Figure 1.. MMPs are located within and around the AC during BM invasion.

(A) The AC (cdft-3>mCherry::moeABD; green) before and after invasion through BM (laminin::GFP, magenta). (B) Timeline for AC invasion after hatching at 20°C is shown. During the P6.p 2-cell stage of the 1°vulval precursor ce lls (1°VPCs, blue), the AC (orange) breaches the BM (grey) with invadodia that transform into an invasive protrusion. At the P6.p 4-cell stage, the invasive protrusion grows and expands the BM opening before retracting. (C) Reporters for zmp expression (left) show that zmp-1, −3, and −6 are expressed in the AC (right, overlay in green on DIC image) during invasion. ZMP-4 protein localizes to the BM (arrows) and the zmp-5 gene is expressed in the dorsal uterine cells above the AC. Zmp-2 is not detectable at the invasion site (see Figure S1C). (D) Expression of zmp-1, −3, and −6 in the AC (left, fluorescence overlay on DIC) decreased after fos-1 RNAi-mediated knockdown (right). Normalized reduction in zmp mean fluorescence levels are shown in white (mean ± SD, p ≤ 0.001, n ≥ 10 for each treatment). (E) CRISPR-Cas9-mediated zmp-1 translational GFP knock-in (left panels, green in merged image) and invadopodia (middle top, marked with F-actin marker mCherry::moeABD, arrows) and the invasive protrusion (middle bottom, arrows). Overlay reveals colocalization with invadopodia and protrusion (right). Pearson’s correlation coefficient (r) values on merged images are representative of 10 animals examined. Scale bars, 5μm.

Figure 2.. MMP loss delays BM breaching time and decreases ECM removal.

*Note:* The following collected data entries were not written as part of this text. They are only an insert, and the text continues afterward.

Lemma line_openT : line_open setT.
Proof.
rewrite /line_open.
have [d0|dpos] := posnP d.
  suff -> : gamma_pre setT = set0 by exact: open0.
  apply/seteqP; split => // p [[S [a [v [vn0 _]]]] _ _].
  move: vn0; rewrite (_ : v = 0) ?eqxx //; apply/matrixP => i j.
  by have := ltn_ord j; rewrite {2}d0.
suff -> : gamma_pre setT = setT by exact: openT.
apply/seteqP; split => // p _.
have /set_mem [_ hth] := valP p.
by exists (exist _ _ (gamma_line dpos hth)).
Qed.

Lemma line_sval_inj (l1 l2 : line) : sval l1 = sval l2 -> l1 = l2.
Proof.
case: l1 l2 => S1 h1 [S2 h2] /= e; subst S2.
by congr exist; exact: Prop_irrelevance.
Qed.

Lemma line_openI : setI_closed line_open.
Proof.
move=> A B oA oB; rewrite /line_open.
suff -> : gamma_pre (A `&` B) = gamma_pre A `&` gamma_pre B by exact: openI.
apply/seteqP; split => p.
  by case=> l [Al Bl] e; split; exists l.
case=> -[l1 Al1 e1'] [l2 Bl2 e2']; exists l1 => //; split => //.
by rewrite (line_sval_inj (etrans e1' (esym e2'))).
Qed.

Lemma line_open_bigU (I : Type) (f : I -> set line) :
  (forall i, line_open (f i)) -> line_open (\bigcup_i f i).
Proof.
move=> of_; rewrite /line_open.
suff -> : gamma_pre (\bigcup_i f i) = \bigcup_i gamma_pre (f i).
  by apply: bigcup_open => i _; exact: of_.
apply/seteqP; split => p.
  by case=> l [i _ fil] e; exists i => //; exists l.
by case=> i _ [l fil e]; exists l => //; exists i.
Qed.

HB.instance Definition _ :=
  isOpenTopological.Build line line_openT line_openI line_open_bigU.
(* Let $n\ge1$ and let $P=\{(i,j)\colon 1\le i\le j\le n\}$ be the shifted staircase. Fix $0\le k\le n-1$ and let $B=\{(i,j)\in P\colon j-i=k\}$. Then $\sum_{p\in B}\mathbb{1}_p\equiv (n-k)/2$.
   Context: $P$ is ordered by $(i,j)\le(i',j')$ iff $i\le i'$ and $j\le j'$. $\mathcal{J}(P)$ is the set of order ideals of $P$. For $x\in P$, $I\in\mathcal{J}(P)$: $\mathbb{1}_x(I)=1$ if $x\in I$, else $0$; $T_x^+(I)=1$ if $x$ is a minimal element of $P\setminus I$, else $0$; $T_x^-(I)=1$ if $x$ is a maximal element of $I$, else $0$; $T_x=T_x^+-T_x^-$. For $f,g\colon\mathcal{J}(P)\to\mathbb{R}$, $f\equiv g$ means $f-g=\sum_{x\in P}c_xT_x$ for some real constants $c_x$; a real number denotes the corresponding constant function. *)

From mathcomp Require Import all_boot all_order all_algebra.
From mathcomp Require Import reals.
Set Implicit Arguments. Unset Strict Implicit. Unset Printing Implicit Defensive.
Import Order.TTheory GRing.Theory Num.Theory.

(* Shifted staircase P = {(i,j) : 1 <= i <= j <= n}, encoded 0-based:
   (i,j) is represented by (i-1, j-1) : 'I_n * 'I_n with i-1 <= j-1. *)
Definition stair (n : nat) := {x : 'I_n * 'I_n | (x.1 <= x.2)%N}.

Definition sle n (x y : stair n) : bool :=
  ((val x).1 <= (val y).1)%N && ((val x).2 <= (val y).2)%N.

Definition slt n (x y : stair n) : bool := (x != y) && sle x y.

Definition is_ideal n (I : {set stair n}) : Prop :=
  forall x y : stair n, y \in I -> sle x y -> x \in I.

Local Open Scope ring_scope.

Definition ind (R : realType) n (x : stair n) (I : {set stair n}) : R :=
  (x \in I)%:R.

Definition Tplus (R : realType) n (x : stair n) (I : {set stair n}) : R :=
  ((x \notin I) && [forall y, slt y x ==> (y \in I)])%:R.

Definition Tminus (R : realType) n (x : stair n) (I : {set stair n}) : R :=
  ((x \in I) && [forall y, slt x y ==> (y \notin I)])%:R.

Definition toggle (R : realType) n (x : stair n) (I : {set stair n}) : R :=
  Tplus R x I - Tminus R x I.

Definition toggle_equiv (R : realType) n (f g : {set stair n} -> R) : Prop :=
  exists c : stair n -> R, forall I : {set stair n}, is_ideal I ->
    f I - g I = \sum_(x : stair n) c x * toggle R x I.

From mathcomp Require Import all_boot all_order all_algebra.
From mathcomp Require Import reals ring lra zify.
Import Order.TTheory GRing.Theory Num.Theory.
Set Implicit Arguments. Unset Strict Implicit.
Local Open Scope ring_scope.

(* Let S_d(I) be the number of elements of I on the diagonal j - i = d.  For i < j the
   toggles T+ at (i+1, j+1) and T- at (i, j) both contain the event "(i+1, j) and (i, j+1)
   lie in I", which cancels in their difference and leaves
   1_(i+1,j) + 1_(i,j+1) - 1_(i,j) - 1_(i+1,j+1).  Summing the toggles along the diagonal
   d > 0 therefore gives the second difference S_(d-1) - 2 S_d + S_(d+1); along the main
   diagonal, whose points have a single lower and a single upper cover and where T+ at the
   minimum contributes the constant, it gives 1 - 2 S_0 + 2 S_1.  All these expressions are
   thus ≡ 0, and summing them against the Green function max(d, k) - n of the discrete
   Laplacian (halved at d = 0) leaves S_k - (n - k)/2. *)

Lemma sum_stair_diag (V : nmodType) n (F : nat -> nat -> V) :
  (forall a b, (n <= b)%N -> F a b = 0) ->
  \sum_(x : stair n) F (val x).1 (val x).2 =
  \sum_(0 <= d < n) \sum_(0 <= a < n) F a (a + d)%N.
Proof.
move=> F_out.
have row_diag (i : 'I_n) :
    \sum_(j < n | (i <= j)%N) F i j = \sum_(0 <= d < n) F i (i + d)%N.
  rewrite [RHS](big_cat_nat _ (leq_subr i n)) //= [X in _ = _ + X]big_nat_cond.
  rewrite [X in _ = _ + X]big1 ?addr0 => [|d /andP[/andP[le_d _] _]]; last first.
    by apply: F_out; lia.
  under [RHS]eq_bigr do rewrite addnC.
  rewrite -(big_addn 0 n i xpredT (F i)) add0n.
  by rewrite big_geq_mkord.
rewrite exchange_big /= big_mkord.
transitivity (\sum_(i < n) \sum_(j < n | (i <= j)%N) F i j).
  rewrite pair_big_dep /= (reindex_omap (val : stair n -> _) insub) => [|p le_p].
    by apply: eq_bigl => x; rewrite (valP x) valK eqxx.
  by rewrite insubT.
by apply: eq_bigr => i _; rewrite row_diag.
Qed.

Lemma sumr_nat_shift (V : nmodType) n (h : nat -> V) : h n = 0 ->
  \sum_(0 <= a < n) h a = h 0%N + \sum_(0 <= a < n) h a.+1.
Proof. by move=> hn0; rewrite -big_nat_recl // big_nat_recr //= hn0 addr0. Qed.

Definition diag_laplacian (R : nzRingType) (S : nat -> R) d : R :=
  if d is e.+1 then S e - S d *+ 2 + S d.+1 else 1 - S 0%N *+ 2 + S 1%N *+ 2.

Lemma summation_by_parts2 (R : comNzRingType) (g S : nat -> R) N :
  \sum_(0 <= d < N) g d.+1 * (S d - S d.+1 *+ 2 + S d.+2) =
  \sum_(0 <= d < N) S d.+1 * (g d - g d.+1 *+ 2 + g d.+2)
  + g 1%N * S 0%N - g 0%N * S 1%N + g N * S N.+1 - g N.+1 * S N.
Proof.
elim: N => [|N IH]; first by rewrite !big_geq //; ring.
by rewrite !big_nat_recr //= IH; ring.
Qed.

Lemma maxn_second_diff d k :
  (maxn d k + maxn d.+2 k = (maxn d.+1 k).*2 + (d.+1 == k))%N.
Proof. by case: eqP; lia. Qed.

Definition diag_weight (R : realFieldType) n k d : R :=
  if d is _.+1 then (maxn d k)%:R - n%:R else (k%:R - n%:R) / 2.

Lemma sum_weighted_laplacian (R : realFieldType) n k (S : nat -> R) :
  (k < n)%N -> S n = 0 ->
  \sum_(0 <= d < n) diag_weight R n k d * diag_laplacian S d = S k - (n - k)%:R / 2.
Proof.
case: n => [//|N] lt_kN SN0; rewrite big_nat_recl //=.
pose g d : R := (maxn d k)%:R - N.+1%:R.
have g_second d : g d - g d.+1 *+ 2 + g d.+2 = (d.+1 == k)%:R.
  have := congr1 (fun m => m%:R : R) (maxn_second_diff d k).
  by rewrite /= !natrD -muln2 natrM /g; lra.
have -> : \sum_(0 <= d < N) diag_weight R N.+1 k d.+1 * diag_laplacian S d.+1 =
    \sum_(0 <= d < N) g d.+1 * (S d - S d.+1 *+ 2 + S d.+2) by [].
rewrite summation_by_parts2.
under eq_bigr do rewrite g_second mulr_natr mulrb.
rewrite -big_mkcond -(big_add1 _ _ 0 N.+1 (pred1 k)) big_nat1_eq SN0 /g.
have -> : maxn N.+1 k = N.+1 by apply/maxn_idPl; lia.
rewrite natrB; last by lia.
have [-> | k_pos] := posnP k; first by rewrite !maxn0 /=; lra.
have -> : maxn 1 k = k by apply/maxn_idPr.
by rewrite max0n ifT; [lra | lia].
Qed.

Section Ideal.
Variables (n : nat) (I : {set stair n}).
Hypothesis I_ideal : is_ideal I.

Definition inI (a b : nat) : bool :=
  [exists x in I, ((val x).1 == a :> nat) && ((val x).2 == b :> nat)].

Definition stair_at a b (le_ab : (a <= b)%N) (lt_bn : (b < n)%N) : stair n :=
  exist _ (Ordinal (leq_ltn_trans le_ab lt_bn), Ordinal lt_bn) le_ab.

Lemma stair_coord_inj (x y : stair n) :
  (val x).1 = (val y).1 :> nat -> (val x).2 = (val y).2 :> nat -> x = y.
Proof.
move: x y => [[a b] ?] [[c d] ?] /= /val_inj eq_ac /val_inj eq_bd.
by apply: val_inj; rewrite /= eq_ac eq_bd.
Qed.

Lemma inI_bound a b : inI a b -> (a <= b < n)%N.
Proof. by case/exists_inP=> x _ /andP[/eqP <- /eqP <-]; rewrite (valP x) /=. Qed.

Lemma inI_out a b : (n <= b)%N -> inI a b = false.
Proof. by move=> le_nb; apply: contraTF le_nb => /inI_bound; lia. Qed.

Lemma inI_stair (x : stair n) : inI (val x).1 (val x).2 = (x \in I).
Proof.
apply/exists_inP/idP => [[y yI /andP[/eqP eq1 /eqP eq2]]|xI].
  by rewrite -(stair_coord_inj eq1 eq2).
by exists x; rewrite ?eqxx.
Qed.

Lemma inI_at a b le_ab lt_bn : inI a b = (@stair_at a b le_ab lt_bn \in I).
Proof. by rewrite -inI_stair. Qed.

Lemma inI_down a b a' b' :
  inI a b -> (a' <= a)%N -> (b' <= b)%N -> (a' <= b')%N -> inI a' b'.
Proof.
move=> abI le_a le_b le_ab'; have /andP[_ lt_bn] := inI_bound abI.
have lt_bn' : (b' < n)%N by lia.
case/exists_inP: abI => x xI /andP[/eqP eq1 /eqP eq2].
by rewrite (inI_at le_ab' lt_bn'); apply: I_ideal xI _; rewrite /sle /= eq1 eq2 le_a le_b.
Qed.

Lemma slt_coord (y x : stair n) : slt y x =
  [&& ((val y).1 != (val x).1 :> nat) || ((val y).2 != (val x).2 :> nat),
      ((val y).1 <= (val x).1)%N & ((val y).2 <= (val x).2)%N].
Proof.
rewrite /slt /sle; congr (_ && _); apply/idP/idP.
  apply: contraNT; rewrite negb_or !negbK => /andP[/eqP eq1 /eqP eq2].
  exact/eqP/stair_coord_inj.
by apply: contraTneq => ->; rewrite !eqxx.
Qed.

Lemma all_below_inE (x : stair n) :
  [forall y, slt y x ==> (y \in I)] =
  ((((val x).1 == 0 :> nat) || inI (val x).1.-1 (val x).2) &&
   (((val x).1 == (val x).2 :> nat) || inI (val x).1 (val x).2.-1)).
Proof.
case: x => [[a b] /= le_ab] /=; have lt_bn := ltn_ord b.
apply/forallP/andP => [below | [a_low b_low] [[c d] /= le_cd]].
  have below_in (a' b' : nat) :
      [&& (a' != a :> nat) || (b' != b :> nat), a' <= a & b' <= b]%N ->
      (a' <= b')%N -> inI a' b'.
    move=> lt_x le'; have lt' : (b' < n)%N by lia.
    by rewrite (inI_at le' lt'); apply: (implyP (below _)); rewrite slt_coord.
  by split; case: eqP => //= neq; apply: below_in; lia.
apply/implyP; rewrite slt_coord -inI_stair /= => /and3P[neq le_ca le_db].
have [lt_ca|le_ac] := ltnP c a.
  by move: a_low; case: eqP => [+ _|_ low]; [lia | apply: (inI_down low); lia].
by move: b_low; case: eqP => [+ _|_ low]; [lia | apply: (inI_down low); lia].
Qed.

Lemma all_above_outE (x : stair n) :
  [forall y, slt x y ==> (y \notin I)] =
  ~~ inI (val x).1.+1 (val x).2 && ~~ inI (val x).1 (val x).2.+1.
Proof.
case: x => [[a b] /= le_ab] /=.
apply/forallP/andP => [above | [a_up b_up] [[c d] /= le_cd]].
  have above_out (a' b' : nat) : inI a' b' ->
      [&& (a != a' :> nat) || (b != b' :> nat), a <= a' & b <= b']%N -> False.
    move=> abI lt_x; have /andP[le' lt'] := inI_bound abI.
    by move: (implyP (above (stair_at le' lt'))); rewrite slt_coord -inI_at abI => /(_ lt_x).
  by split; apply/negP => /above_out; apply; lia.
apply/implyP; rewrite slt_coord -inI_stair /= => /and3P[neq le_ac le_bd].
apply/negP => cdI; have lt_dn := ltn_ord d.
have [lt_bd|le_db] := ltnP b d.
  by move/negP: b_up; apply; apply: (inI_down cdI); lia.
by move/negP: a_up; apply; apply: (inI_down cdI); lia.
Qed.

(* The guard b < n matters: inI vanishes outside the staircase, so without it points
   beyond the last column could pass the cover test. *)
Definition minimal_out a b : bool :=
  [&& (b < n)%N, ~~ inI a b, (a == 0)%N || inI a.-1 b & (a == b) || inI a b.-1].

Definition maximal_in a b : bool := [&& inI a b, ~~ inI a.+1 b & ~~ inI a b.+1].

Lemma toggle_stairE (R : realType) (x : stair n) :
  toggle R x I =
  (minimal_out (val x).1 (val x).2)%:R - (maximal_in (val x).1 (val x).2)%:R.
Proof.
by rewrite /toggle /Tplus /Tminus all_below_inE all_above_outE -inI_stair /minimal_out ltn_ord.
Qed.

Section Counting.
Variable R : comNzRingType.

Definition chi a b : R := (inI a b)%:R.

Definition diag_count e : R := \sum_(0 <= a < n) chi a (a + e).

Lemma chi_out a b : (n <= b)%N -> chi a b = 0.
Proof. by move=> le_nb; rewrite /chi inI_out. Qed.

Lemma toggle_pair a b : (a < b)%N ->
  (minimal_out a.+1 b.+1)%:R - (maximal_in a b)%:R =
  chi a.+1 b + chi a b.+1 - chi a b - chi a.+1 b.+1.
Proof.
move=> lt_ab; rewrite /minimal_out /maximal_in /chi /= eqSS ltn_eqF //=.
have : [&& inI a.+1 b ==> inI a b, inI a b.+1 ==> inI a b,
    inI a.+1 b.+1 ==> inI a.+1 b, inI a.+1 b.+1 ==> inI a b.+1
  & inI a b.+1 ==> (b.+1 < n)%N].
  by apply/and5P; split; apply/implyP;
    first [move/inI_bound; lia | move=> abI; apply: (inI_down abI); lia].
case: (inI a b); case: (inI a.+1 b); case: (inI a b.+1); case: (inI a.+1 b.+1);
  case: (b.+1 < n)%N => //= _; ring.
Qed.

Lemma toggle_pair_diag a :
  (minimal_out a.+1 a.+1)%:R - (maximal_in a a)%:R =
  chi a a.+1 *+ 2 - chi a a - chi a.+1 a.+1.
Proof.
rewrite /minimal_out /maximal_in /chi /= eqxx.
have -> : inI a.+1 a = false by apply: contraTF isT => /inI_bound; lia.
have : [&& inI a a.+1 ==> inI a a, inI a.+1 a.+1 ==> inI a a.+1
  & inI a a.+1 ==> (a.+1 < n)%N].
  by apply/and3P; split; apply/implyP;
    first [move/inI_bound; lia | move=> abI; apply: (inI_down abI); lia].
case: (inI a a); case: (inI a a.+1); case: (inI a.+1 a.+1); case: (a.+1 < n)%N => //= _; ring.
Qed.

Lemma minimal_out_first d : (d < n)%N ->
  (minimal_out 0 d)%:R = if d is e.+1 then chi 0 e - chi 0 d else 1 - chi 0 0.
Proof.
rewrite /minimal_out /chi => lt_dn; rewrite lt_dn; case: d lt_dn => [|e] lt_dn /=.
  by case: (inI 0 0) => /=; ring.
have : inI 0 e.+1 ==> inI 0 e by apply/implyP => abI; apply: (inI_down abI); lia.
by case: (inI 0 e); case: (inI 0 e.+1) => //= _; ring.
Qed.

Lemma diag_count_succ e :
  \sum_(0 <= a < n) chi a.+1 (a.+1 + e) = diag_count e - chi 0 e.
Proof.
rewrite /diag_count (@sumr_nat_shift _ _ (fun a => chi a (a + e))) /=.
  by rewrite add0n addrAC subrr add0r.
exact/chi_out/leq_addr.
Qed.

Lemma sum_toggle_diag d : (d < n)%N ->
  \sum_(0 <= a < n) ((minimal_out a (a + d))%:R - (maximal_in a (a + d))%:R) =
  diag_laplacian diag_count d.
Proof.
move=> lt_dn; rewrite sumrB.
rewrite (@sumr_nat_shift _ _ (fun a => (minimal_out a (a + d))%:R)); last first.
  by rewrite /minimal_out ltnNge leq_addr.
rewrite -addrA -sumrB minimal_out_first //; case: d lt_dn => [|e] lt_dn /=.
  transitivity (1 - chi 0 0 + \sum_(0 <= a < n)
      (chi a (a + 1) *+ 2 - chi a (a + 0) - chi a.+1 (a.+1 + 0))).
    by congr (_ + _); apply: eq_bigr => a _; rewrite !addn0 addn1 toggle_pair_diag.
  by rewrite !sumrB diag_count_succ /diag_count sumrMnl; ring.
transitivity (chi 0 e - chi 0 e.+1 + \sum_(0 <= a < n)
    (chi a.+1 (a.+1 + e) + chi a (a + e.+2) - chi a (a + e.+1) - chi a.+1 (a.+1 + e.+1))).
  congr (_ + _); apply: eq_bigr => a _.
  by rewrite addSn toggle_pair ?addSnnS -?addnS //; lia.
by rewrite !sumrB big_split /= !diag_count_succ /diag_count; ring.
Qed.

Lemma diag_count_out e : (n <= e)%N -> diag_count e = 0.
Proof.
by move=> le_ne; apply: big1 => a _; rewrite chi_out // (leq_trans le_ne) ?leq_addl.
Qed.

End Counting.

Lemma sum_diag_ind (R : realType) k :
  \sum_(p : stair n | ((val p).2 - (val p).1 == k)%N) ind R p I = diag_count R k.
Proof.
rewrite big_mkcond /=.
under eq_bigr do rewrite /ind -inI_stair -/(chi R _ _).
rewrite (@sum_stair_diag _ _ (fun a b => if (b - a == k)%N then chi R a b else 0)).
  under eq_bigr do under eq_bigr do rewrite addKn.
  rewrite exchange_big /diag_count; apply: eq_bigr => a _.
  rewrite -big_mkcond big_nat1_eq /=; case: ltnP => // le_nk.
  by rewrite chi_out // (leq_trans le_nk) ?leq_addl.
by move=> a b le_nb; case: ifP; rewrite ?chi_out.
Qed.

Lemma sum_weighted_toggle (R : realType) (w : nat -> R) :
  \sum_(x : stair n) w ((val x).2 - (val x).1)%N * toggle R x I =
  \sum_(0 <= d < n) w d * diag_laplacian (diag_count R) d.
Proof.
under eq_bigr do rewrite toggle_stairE.
rewrite (@sum_stair_diag _ _
  (fun a b => w (b - a)%N * ((minimal_out a b)%:R - (maximal_in a b)%:R))).
  apply: eq_big_nat => d /andP[_ lt_dn]; rewrite -sum_toggle_diag // mulr_sumr.
  by apply: eq_bigr => a _; rewrite addKn.
move=> a b le_nb.
by rewrite /minimal_out /maximal_in ltnNge le_nb inI_out //= subrr mulr0.
Qed.

End Ideal.

Theorem theorem3p17 (R : realType) (n k : nat) (hn : (1 <= n)%N) (hk : (k <= n.-1)%N) :
  toggle_equiv
    (fun I : {set stair n} =>
       \sum_(p : stair n | ((val p).2 - (val p).1 == k)%N) ind R p I)
    (fun _ => (n - k)%:R / 2).
Proof.
exists (fun x : stair n => diag_weight R n k ((val x).2 - (val x).1)) => I I_ideal.
have lt_kn : (k < n)%N by lia.
rewrite sum_diag_ind (sum_weighted_toggle I_ideal) sum_weighted_laplacian //.
exact: diag_count_out.
Qed.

(A) Wild-type (left) and MMP- animals expressing laminin::GFP were scored for precise BM breaching time. Confocal imaging (ventral and lateral views of the same animal) at the early P6.p 4-cell stage show MMP- worm delayed in BM breaching. Arrows point to the BM breach (black area). The graph shows the percentage of AC invasion at each developmental time point (N ≥ 200 animals for each group, Table S1). Time after hatching at 20°C is shown. (B) 90 minute time-lapse of wild-type (top) and MMP- (bottom) animals shows BM removal after breaching is delayed in MMP- worms. Circular dotted lines show region of BM clearance at t=0. The graph shows quantification of the BM removal over time. Box plots show the average rates of BM clearing in wild-type animals (0.28 ± 0.08 μm²/min) and in MMP-mutants (0.09 ± 0.09 μm²/min, mean ± SD, p ≤ 0.01, Student’s t-test, n= 7 animals for wild-type: n=10 for MMP⁻). (C) Confocal sum projections of laminin::GFP (left panels) and collagen::mCh (right images) during AC invasion in wild type animals (upper) and in MMP- (lower) mutants show the progression of BM clearance by the AC. The fluorescence intensity of the BM at the perimeter of the cleared area (arrows) is increased in the absence of MMPs (~1.8 for laminin (1116 ± 352 vs 620 ± 75) and ~3.4 fold for collagen (1123 ± 426 vs 329 ± 279, mean ± SD, p≤0.01, Student’s t-test, wild-type, n=5 and 6; MMP-, n=9 and 5 for laminin::GFP and collagen::mCh, respectively)). (D) Schematic showing photoconversion of BM under the AC (green to red) before invasion. The amount of red BM physically displaced by the AC was calculated with post invasion images using regions 1–3 (see Methods). Grayscale (bottom, converted region is between red dotted lines) and spectral representation (top) of fluorescence intensity of optically converted laminin::Dendra show increased BM displacement in MMP- (right) animals (21 ± 0.09% in wild- type worms (left) versus 62 ± 35% in MMP- mutants, p≤0.05, mean ± SD, Student’s t-test, n=7 each group). Scale bars, 5μm.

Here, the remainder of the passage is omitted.